Если вы используете наш облачный сервис Atlas, есть инструмент мониторинга, но я использую его очень редко. Одна из причин заключается в том, что когда работал консультантом и был у клиента, я не мог приступить к установке некоторых инструментов. Потому как, мог потратить пару дней только на установку. Я часто использую скрипты, написанные на Python. Иногда эти сценарии даже не имеют графического интерфейса, но они могут создавать гистограммы или что-то для получения наглядной картины. Таким образом, я использую простой инструмент, который могу настроить, не будучи root user (Прим. пользователем с расширенными правами и доступами). А мой коллега разработал Mtools (M — от MongoDB). Эти инструменты удобны и их автор — Томас Рюктис (Thomas Rückstieß). Mtools предназначены для разных вещей, а некоторые из них также используются для анализа, и я их тоже часто использую. В принципе, тип инструментов, которые хотел бы использовать в первую очередь, - графики.
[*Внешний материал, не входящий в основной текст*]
(* Along a horizontal line the covector moves by the cross product: the line
   through (A1, b1) and (A2, b2) in Q is horizontal iff b2 = b1 + A1 × A2.
   Hence b2 X - b1 X = det(A1, A2, X), so b1 and b2 meet on the line A1A2.
   Conversely, inscribedness says that A1 × A2 vanishes at b1 /\ b2, i.e.
   A1 × A2 = x b1 + y b2.  For a lift A_i = s_i a_i, b_i = t_i be_i,
   horizontality forces t1 = - s1 s2 x and t2 = s1 s2 y, and the equations
   b_i A_i = 1 become s1^2 s2 p = 1 = s1 s2^2 q.  Their product reads
   (s1 s2)^3 p q = 1, so s1 s2 is the real cube root of (p q)^-1, which in
   turn determines s1 and s2. *)

Section HorizontalTwoGons.
Variable R : realType.
Implicit Types (u v w A : 'cV[R]_3) (b : 'rV[R]_3).

Local Notation i0 := (@Ordinal 3 0 isT).
Local Notation i1 := (@Ordinal 3 1 isT).
Local Notation i2 := (@Ordinal 3 2 isT).

Lemma ord3P (P : 'I_3 -> Prop) : P i0 -> P i1 -> P i2 -> forall j, P j.
Proof.
by move=> P0 P1 P2 [[|[|[|//]]] lt_j3]; [move: P0 | move: P1 | move: P2];
  congr P; apply: val_inj.
Qed.

Lemma cV3P u v :
  u i0 ord0 = v i0 ord0 -> u i1 ord0 = v i1 ord0 -> u i2 ord0 = v i2 ord0 -> u = v.
Proof. by move=> *; apply/matrixP => i j; rewrite (ord1 j); elim/ord3P: i. Qed.

Lemma rV3P b b' :
  b ord0 i0 = b' ord0 i0 -> b ord0 i1 = b' ord0 i1 -> b ord0 i2 = b' ord0 i2 -> b = b'.
Proof. by move=> *; apply/matrixP => i j; rewrite (ord1 i); elim/ord3P: j. Qed.

Lemma det_mx33 (M : 'M[R]_3) : \det M =
    M i0 i0 * (M i1 i1 * M i2 i2 - M i1 i2 * M i2 i1)
  - M i0 i1 * (M i1 i0 * M i2 i2 - M i1 i2 * M i2 i0)
  + M i0 i2 * (M i1 i0 * M i2 i1 - M i1 i1 * M i2 i0).
Proof.
(* Indexing through [inord] makes the ordinals produced by the Laplace
   expansion reduce to the same numerals as i0, i1, i2. *)
pose f k l := M (inord k) (inord l).
have -> : M = \matrix_(i, j) f i j by apply/matrixP => i j; rewrite mxE /f !inord_val.
rewrite (expand_det_row _ ord0) !big_ord_recr big_ord0 /cofactor /=.
rewrite !(expand_det_row _ ord0) !big_ord_recr !big_ord0 /cofactor /= !det_mx11 !mxE /=.
rewrite /bump /=; ring.
Qed.

Lemma pairingE b A :
  pairing b A = b ord0 i0 * A i0 ord0 + b ord0 i1 * A i1 ord0 + b ord0 i2 * A i2 ord0.
Proof.
rewrite /pairing mxE !big_ord_recr big_ord0 /= add0r.
by congr (_ * _ + _ * _ + _ * _); congr (_ _ _); apply: val_inj.
Qed.

Lemma det3E u v w : det3 u v w =
    u i0 ord0 * (v i1 ord0 * w i2 ord0 - w i1 ord0 * v i2 ord0)
  - v i0 ord0 * (u i1 ord0 * w i2 ord0 - w i1 ord0 * u i2 ord0)
  + w i0 ord0 * (u i1 ord0 * v i2 ord0 - v i1 ord0 * u i2 ord0).
Proof. by rewrite /det3 det_mx33 !mxE /=; ring. Qed.

Ltac coords := rewrite /cross /evec ?pairingE ?det3E; repeat rewrite ?det3E !mxE /=.

Lemma pairingDl b b' A : pairing (b + b') A = pairing b A + pairing b' A.
Proof. by rewrite /pairing mulmxDl [LHS]mxE. Qed.

Lemma pairingZl k b A : pairing (k *: b) A = k * pairing b A.
Proof. by rewrite /pairing -scalemxAl [LHS]mxE. Qed.

Lemma pairingZr k b A : pairing b (k *: A) = k * pairing b A.
Proof. by rewrite /pairing -scalemxAr [LHS]mxE. Qed.

Lemma pairing_trC b A : pairing b A = pairing A^T b^T.
Proof. by rewrite /pairing -trmx_mul [RHS]mxE. Qed.

Lemma pairing_cross u v w : pairing (cross u v) w = det3 u v w.
Proof. coords; ring. Qed.

Lemma det3_uvu u v : det3 u v u = 0.
Proof. by rewrite det3E; ring. Qed.

Lemma det3_uvv u v : det3 u v v = 0.
Proof. by rewrite det3E; ring. Qed.

Lemma crossZl k u v : cross (k *: u) v = k *: cross u v.
Proof. by apply: rV3P; coords; ring. Qed.

Lemma crossZr k u v : cross u (k *: v) = k *: cross u v.
Proof. by apply: rV3P; coords; ring. Qed.

Lemma crossBr u v w : cross u (v - w) = cross u v - cross u w.
Proof. by apply: rV3P; coords; ring. Qed.

Lemma crossvv u : cross u u = 0.
Proof. by apply: rV3P; coords; ring. Qed.

Lemma crossv0 u : cross u 0 = 0.
Proof. by rewrite -(scale0r u) crossZr scale0r. Qed.

Definition dot u v := pairing u^T v.

Lemma dot_self_eq0 u : dot u u = 0 -> u = 0.
Proof.
rewrite /dot; coords => uu0.
by apply: cV3P; rewrite mxE; nra.
Qed.

Lemma cross_cross u v w : cross u (cross v w)^T = (dot u w *: v - dot u v *: w)^T.
Proof. by apply: rV3P; rewrite /dot; coords; ring. Qed.

(* The expansion of n × (w × n) = |n|² w - (n·w) n for n = u × v. *)
Lemma gram_identity u v w :
  dot (cross u v)^T (cross u v)^T *: w = det3 u v w *: (cross u v)^T
    + ((dot w u * dot v v - dot w v * dot u v) *: u
       + (dot w v * dot u u - dot w u * dot u v) *: v).
Proof. by apply: cV3P; rewrite /dot; coords; ring. Qed.

Lemma proj_eq_trmx m n (M N : 'M[R]_(m, n)) : proj_eq M^T N^T -> proj_eq M N.
Proof. by move=> [k [k0 /(congr1 trmx)]]; rewrite linearZ /= !trmxK; exists k. Qed.

Lemma free_of_not_proj_eq m n (M N : 'M[R]_(m, n)) k l :
  M != 0 -> N != 0 -> ~ proj_eq M N -> k *: M = l *: N -> k = 0 /\ l = 0.
Proof.
move=> M0 N0 MN kl.
have [k0 | k0] := eqVneq k 0.
  by move: kl; rewrite k0 scale0r => /esym/eqP; rewrite scaler_eq0 (negbTE N0) orbF => /eqP.
exfalso; apply: MN; exists (k^-1 * l); split.
  rewrite mulf_neq0 ?invr_eq0 //; apply: contra_neq M0 => l0.
  by apply/eqP; move: kl; rewrite l0 scale0r => /eqP; rewrite scaler_eq0 (negbTE k0).
by rewrite -scalerA -kl scalerA mulVf // scale1r.
Qed.

Lemma cross_eq0_proj_eq u v : u != 0 -> v != 0 -> cross u v = 0 -> proj_eq u v.
Proof.
move=> u0 v0 uv0.
have vv0 : dot v v != 0 by apply: contra_neq v0 => /dot_self_eq0.
have : dot v v *: u = dot v u *: v.
  by apply/trmx_inj/eqP; rewrite -subr_eq0 -linearB /= -cross_cross uv0 trmx0 crossv0.
move=> /(congr1 ( *:%R (dot v v)^-1)); rewrite !scalerA mulVf // scale1r => hu.
exists ((dot v v)^-1 * dot v u); split => //.
by apply: contra_neq u0 => c0; rewrite hu c0 scale0r.
Qed.

Lemma det3_eq0_span u v w :
  cross u v != 0 -> det3 u v w = 0 -> exists x y, w = x *: u + y *: v.
Proof.
move=> uv0 uvw0; set n := (cross u v)^T.
have nn0 : dot n n != 0.
  by apply: contra_neq uv0 => /dot_self_eq0 /(congr1 trmx); rewrite trmxK trmx0.
have := gram_identity u v w; rewrite uvw0 scale0r add0r -/n.
move=> /(congr1 ( *:%R (dot n n)^-1)); rewrite scalerA mulVf // scale1r scalerDr !scalerA => ->.
by do 2 eexists.
Qed.

Lemma inQ_neq0 A b : inQ A b -> A != 0.
Proof.
by move=> Q; apply: contra_eq_neq Q => ->; rewrite /pairing mulmx0 mxE eq_sym oner_neq0.
Qed.

Lemma inQ_scale_neq0 k l A b : inQ (k *: A) (l *: b) -> k != 0 /\ l != 0.
Proof.
rewrite /inQ pairingZl pairingZr => Q.
by split; apply: contra_eq_neq Q => ->; rewrite ?mul0r ?mulr0 eq_sym oner_neq0.
Qed.

Lemma horizontal_lineP A1 b1 A2 b2 : inQ A1 b1 -> inQ A2 b2 ->
  horizontal_line A1 b1 A2 b2 <-> b2 = b1 + cross A1 A2.
Proof.
move=> Q1 Q2; split.
  move=> /(_ 0) [_ [_]]; rewrite scale0r addr0 crossBr crossvv subr0 => <-.
  by rewrite addrC subrK.
move=> b2E; rewrite b2E in Q2 * => t.
have -> : b1 + cross A1 A2 - b1 = cross A1 A2 by rewrite addrC addKr.
rewrite /inQ /inD; split; last split.
- have -> : pairing (b1 + t *: cross A1 A2) (A1 + t *: (A2 - A1))
          = (1 - t) * pairing b1 A1 + t * pairing (b1 + cross A1 A2) A2.
    by coords; ring.
  by rewrite Q1 Q2; ring.
- have -> : pairing (cross A1 A2) (A1 + t *: (A2 - A1))
              + pairing (b1 + t *: cross A1 A2) (A2 - A1)
          = pairing (b1 + cross A1 A2) A2 - pairing b1 A1.
    by coords; ring.
  by rewrite Q1 Q2 subrr.
- by apply: rV3P; coords; ring.
Qed.

Lemma horizontal_inscribed A1 b1 A2 b2 :
  inQ A1 b1 -> inQ A2 b2 -> (A1, b1) <> (A2, b2) ->
  horizontal_line A1 b1 A2 b2 -> inscribed A1 A2 b1 b2.
Proof.
move=> Q1 Q2 neq /(horizontal_lineP Q1 Q2) b2E.
have b1A2 : pairing b1 A2 = 1.
  by move: Q2; rewrite /inQ b2E pairingDl pairing_cross det3_uvv addr0.
have A12 : ~ proj_eq A1 A2.
  move=> [c [_ A1E]]; move: Q1; rewrite /inQ A1E pairingZr b1A2 mulr1 => c1.
  by apply: neq; rewrite b2E A1E c1 scale1r crossvv addr0.
split=> //; split=> [[c [_ b1E]] | X _ X1 X2].
  have c1 : c = 1.
    by move: b1A2; rewrite b1E pairingZl Q2 mulr1.
  apply: A12; apply: cross_eq0_proj_eq; rewrite ?(inQ_neq0 Q1) ?(inQ_neq0 Q2) //.
  by apply: (addrI b1); rewrite addr0 -b2E b1E c1 scale1r.
by move: X2; rewrite /on_line b2E pairingDl X1 add0r pairing_cross.
Qed.

Lemma inscribed_cross_span (a1 a2 : 'cV[R]_3) (be1 be2 : 'rV[R]_3) :
  be1 != 0 -> be2 != 0 -> inscribed a1 a2 be1 be2 ->
  exists x y, cross a1 a2 = x *: be1 + y *: be2.
Proof.
move=> be1_neq0 be2_neq0 [_ [be12 inscr]].
have X_neq0 : cross be1^T be2^T != 0.
  apply/eqP => /cross_eq0_proj_eq; rewrite !trmx_eq0 => /(_ be1_neq0 be2_neq0).
  by move/proj_eq_trmx.
(* (be1^T × be2^T)^T spans the point [be1] /\ [be2]. *)
have onX b : pairing b (cross be1^T be2^T)^T = det3 be1^T be2^T b^T.
  by rewrite pairing_trC trmxK pairing_cross.
have := inscr (cross be1^T be2^T)^T; rewrite trmx_eq0 /on_line /on_join -pairing_cross.
rewrite !onX det3_uvu det3_uvv.
move=> /(_ X_neq0 erefl erefl) /(det3_eq0_span X_neq0) [x [y xyE]].
by exists x, y; rewrite -[cross a1 a2]trmxK xyE linearD !linearZ /= !trmxK.
Qed.

Lemma cube_root (x : R) : exists c, c ^+ 3 = x.
Proof.
have [|c] := @odd_poly_root _ ('X^3 - x%:P); first by rewrite size_XnsubC.
by rewrite /root !hornerE subr_eq0 => /eqP; exists c.
Qed.

Lemma cube_inj : injective (fun c : R => c ^+ 3).
Proof.
move=> x y /= xy3; apply/eqP; rewrite -subr_eq0.
have : (x - y) * ((x - y) ^+ 2 + 3 * (x + y) ^+ 2) == 0.
  by apply/eqP; transitivity (4 * (x ^+ 3 - y ^+ 3)); [ring | rewrite xy3 subrr mulr0].
rewrite mulf_eq0 => /orP [// | /eqP s0]; rewrite -sqrf_eq0; apply/eqP.
by have := sqr_ge0 (x - y); have := sqr_ge0 (x + y); lra.
Qed.

Lemma cubic_system (p q : R) : p != 0 -> q != 0 ->
  exists! s : R * R, s.1 ^+ 2 * s.2 * p = 1 /\ s.1 * s.2 ^+ 2 * q = 1.
Proof.
move=> p0 q0; have [c c3] := cube_root (p * q)^-1.
have cpq : c ^+ 3 * (p * q) = 1 by rewrite c3 mulVf ?mulf_neq0.
have c0 : c != 0 by apply: contra_eq_neq cpq => ->; rewrite expr0n mul0r eq_sym oner_neq0.
exists ((c * p)^-1, (c * q)^-1); split => [/= | [s1 s2] /= [e1 e2]].
  by split; rewrite -[X in _ = X]invr1 -[X in _ = X^-1]cpq; field; rewrite ?c0 ?p0 ?q0.
have s12 : s1 * s2 = c.
  apply: cube_inj => /=; rewrite c3; apply/esym/mulr1_eq.
  by transitivity ((s1 ^+ 2 * s2 * p) * (s1 * s2 ^+ 2 * q)); [ring | rewrite e1 e2 mulr1].
by congr (_, _); apply: mulr1_eq; [rewrite -e1 | rewrite -e2]; rewrite -s12; ring.
Qed.

Section HorizontalLift.
Variables (a1 a2 : 'cV[R]_3) (be1 be2 : 'rV[R]_3).

Definition horizontal_lift (q : 'cV[R]_3 * 'rV[R]_3 * 'cV[R]_3 * 'rV[R]_3) : Prop :=
  let: (A1, b1, A2, b2) := q in
  [/\ inQ A1 b1, inQ A2 b2, proj_eq A1 a1 /\ proj_eq A2 a2,
      proj_eq b1 be1 /\ proj_eq b2 be2
    & (A1, b1) <> (A2, b2) /\ horizontal_line A1 b1 A2 b2].

Variables (x y : R).
Hypotheses (a12 : ~ proj_eq a1 a2) (be12 : ~ proj_eq be1 be2).
Hypotheses (be1_neq0 : be1 != 0) (be2_neq0 : be2 != 0).
Hypothesis cross_a12 : cross a1 a2 = x *: be1 + y *: be2.

Definition lift_of (s : R * R) : 'cV[R]_3 * 'rV[R]_3 * 'cV[R]_3 * 'rV[R]_3 :=
  (s.1 *: a1, - (s.1 * s.2 * x) *: be1, s.2 *: a2, (s.1 * s.2 * y) *: be2).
Даже если вы не знаете математику и статистику, попробуйте использовать Excel или что угодно для рисования диаграммы для ваших данных. Это может помочь вам найти причину и что является симптомом проблемы.

«Take one (thing) at a time»

Как ты решил проблему тестирования производительности AWS (Amazon Web Services)?
В течение нескольких лет я работал над нашим тестированием производительности, и мы использовали Amazon для проведения обширных тестов производительности. Мы могли обрабатывать вплоть до 16 серверов Amazon. И первые несколько лет сталкивались с проблемой большой вариабельности результатов. Проблема была не на стороне MongoDB — было слишком много случайностей. Мы потратили на этот проект около трех месяцев и много времени тестировали Amazon. Мы сравнили много вещей: версии Linux, множество опций масштабирования CPU и так далее. Процесс был действительно долгим. Я уже рассказывал вам об одном из моих любимых принципов, а другой, который хотел бы подчеркнуть здесь — take one (thing) at a time. Что значит выполнять только одно действие и не приступать к другому, пока не закончишь. Поэтому мы использовали такой подход для решения этой проблемы.

«Участвовал во многих конференциях и однажды устал от существующих инструментов для презентаций»

Твои проекты являются весомым вкладом в Open Source, расскажи историю об impress.js:
Impress.js на данный момент пока является фреймворком, а не приложением. С помощью данного фреймворка вы можете создавать презентации в браузерах, используя HTML и CSS. Участвовал во многих конференциях и однажды устал от существующих инструментов для презентаций. Это меня и побудило найти impress.js. Человек, создавший его, в тот момент прекратил активно его развивать. Я написал улучшения и отправил парочку pull-request'ов. В следующие пару лет дополнил фреймфорк дополнительной функциональностью. И на данный момент являюсь его основным мейнтенером. Когда был консультантом и почти не писал свой кода, этот проект придавал мне силы и вдохновение.

«Если бы у меня была скучная работа, говорить было бы не о чем»

Как ты выбираешь тему для конференции? Сколько времени требуется для подготовки?
Считаю, что темы основаны на нашем опыте, которым можно делиться на конференциях. Поэтому у меня должно быть что-то интересное в наличии. Если бы у меня была скучная работа, говорить было бы не о чем. Это первый момент. Более того, многие годы я мог говорить о продуктах из Open Source. Вы можете подавать несколько предложений организаторам конференции, и они выбирают. Когда меня приглашают, всегда спрашиваю, что они хотят услышать. Поэтому стараюсь всегда получать обратную связь для представления наилучшей темы для конкретной конференции.

«Возможно, однажды именно вы измените мир к лучшему»

Какой твой совет людям, которые бы хотели последовать твоему примеру?
Я бы порекомендовал максимальное погружение в Open Source. Вы можете там многому научиться. Также делать то, к чему у вас есть страсть и к чему лежит душа. Возможно, однажды именно вы измените мир к лучшему.